– Что ты делаешь здесь?
Мать, однако, на грубость, равно как и на внезапное появление Лены, не отреагировала никак. Медленно подняв голову, она посмотрела на нее в упор каким-то странным неподвижным взглядом и ответила почти спокойно, но чужим, тихим и хриплым голосом:
– Считаю деньги.
– Зачем?
– А на что ты собираешься жить, когда он бросит нас окончательно?
– Ты с ней говорила? – Теперь и Лена заговорила шепотом, голос ее почти враз осел в предчувствии чего-то еще более ужасного, чем то, к чему она была в принципе готова.
– Говорила. – Мать по-прежнему смотрела на нее в упор, говорила хрипло и еле слышно, но теперь губы ее как-то странно подергивались, складываясь в страшную улыбку.
– И – что?
– Ничего. Ты знаешь больше меня.
– Ничего я не знаю.
– Не лги. Знаешь. И знала, но молчала. Теперь – радуйся…
– Не знала. – Лену вдруг обуяло тупое бессмысленное упрямство, но мать не намерена была с ней спорить.
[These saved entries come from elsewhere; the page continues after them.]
(* Every almost bipartite cubic graph is $3$-edge-colourable.
   Context: A cubic graph $G$ (multiple edges and loops permitted) is almost bipartite if it is bridgeless, not bipartite, and contains two edges $e$ and $f$ such that $G-\{e,f\}$ is bipartite. A $3$-edge-colouring is a proper edge colouring with three colours. *)

From mathcomp Require Import all_boot.
Set Implicit Arguments. Unset Strict Implicit. Unset Printing Implicit Defensive.

(* A multigraph is given by a finite vertex type V, a finite edge type E and
   an endpoint map ends : E -> V * V (the order of the pair is irrelevant;
   a loop is an edge e with (ends e).1 = (ends e).2). *)
Section MultiGraph.
Variables (V E : finType) (ends : E -> V * V).

Definition incident (e : E) (v : V) : bool :=
  ((ends e).1 == v) || ((ends e).2 == v).

Definition is_loop (e : E) : bool := (ends e).1 == (ends e).2.

(* degree, loops counted twice *)
Definition degree (v : V) : nat :=
  #|[set e | (ends e).1 == v]| + #|[set e | (ends e).2 == v]|.

Definition cubic : Prop := forall v, degree v = 3.

Definition adj_minus (F : {set E}) : rel V :=
  fun u v => [exists e, (e \notin F) &&
                 ((ends e == (u, v)) || (ends e == (v, u)))].

Definition bridge (e : E) : Prop :=
  exists u v, connect (adj_minus set0) u v /\ ~~ connect (adj_minus [set e]) u v.

Definition bridgeless : Prop := forall e, ~ bridge e.

Definition bipartite_minus (F : {set E}) : Prop :=
  exists c : V -> bool, forall e, e \notin F -> c (ends e).1 != c (ends e).2.

Definition bipartite : Prop := bipartite_minus set0.

Definition almost_bipartite : Prop :=
  [/\ bridgeless, ~ bipartite &
      exists e f : E, e != f /\ bipartite_minus [set e; f]].

Definition proper_edge_colouring (k : nat) (col : E -> 'I_k) : Prop :=
  (forall e, ~~ is_loop e) /\
  (forall e f v, e != f -> incident e v -> incident f v -> col e != col f).

Definition three_edge_colourable : Prop :=
  exists col : E -> 'I_3, proper_edge_colouring col.

End MultiGraph.

From mathcomp Require Import all_boot zify.
Set Implicit Arguments. Unset Strict Implicit. Unset Printing Implicit Defensive.

(* Let c 2-colour G - {e, f} with classes A and B.  Counting edge ends gives
   3 |A| - 3 |B| = 2 (k - 2), where k is the number of ends of e and f in A;
   hence k = 2 and, G not being bipartite, e lies inside A and f inside B.
   Bridgelessness yields Hall's condition for G - {e, f} between A and B minus
   the ends of e and f, so some perfect matching M of G contains e and f.
   Then G - M is 2-regular and bipartite, so by Hall again it is the union of
   two perfect matchings, which together with M are the three colour classes. *)

Section Hall.
Variables (A B : finType) (b0 : B).
Implicit Types (r : A -> B -> bool) (S SA : {set A}) (T : {set B}) (f : A -> B).

Definition nbhd r S : {set B} := [set b | [exists a in S, r a b]].

Definition hall_condition r SA := forall S, S \subset SA -> #|S| <= #|nbhd r S|.

Definition sdr r SA f := {in SA &, injective f} /\ {in SA, forall a, r a (f a)}.

Definition rel_avoid r T a b := r a b && (b \notin T).

Lemma nbhdU r S1 S2 : nbhd r (S1 :|: S2) = nbhd r S1 :|: nbhd r S2.
Proof.
apply/setP => b; rewrite !inE; apply/existsP/orP.
- by case=> a /andP[]; rewrite inE => /orP[] Sa rab; [left|right];
    apply/existsP; exists a; rewrite Sa.
- by case=> /existsP[a /andP[Sa rab]]; exists a; rewrite inE Sa ?orbT.
Qed.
– Радуйся… Когда с голоду будем подыхать на улице, тогда порадуешься еще больше. Все, замашки свои барские забудь. Машины, прислуги, охраны, лицея, тряпок, компьютеров, дома этого проклятого – ничего у тебя больше не будет! Слышишь?! Ничего!.. Голая, нищая девка под забором – вот кто ты теперь! – Мать постепенно перешла на крик, но и крик этот был каким-то не ее, хриплым и низким. У нее явно начиналась истерика: слез не было, но плечи вдруг затряслись, а голова судорожно задергалась, болтаясь в разные стороны, однако Лена ничего этого уже не замечала. Сказанное матерью, хотя в принципе та не сказала ничего нового и неожиданного, вдруг поразило ее как нежданный громовой раскат, грянувший с ясного неба, опрокинув и развернув мысли в совершенно новом направлении.
Сделка состоялась, первые деньги были получены и, стало быть, необходимо было уже в ближайшем будущем продемонстрировать Ангелу хоть какие-нибудь осязаемые результаты. Бунин решил действовать поэтапно. Упрекнуть его было не за что: она высказала сразу несколько просьб, вот он и приступил к их исполнению. Кроме того, всегда можно будет сослаться на волю мифических мастеров или старцев – Бунин пока не определился, как все же они будут называться.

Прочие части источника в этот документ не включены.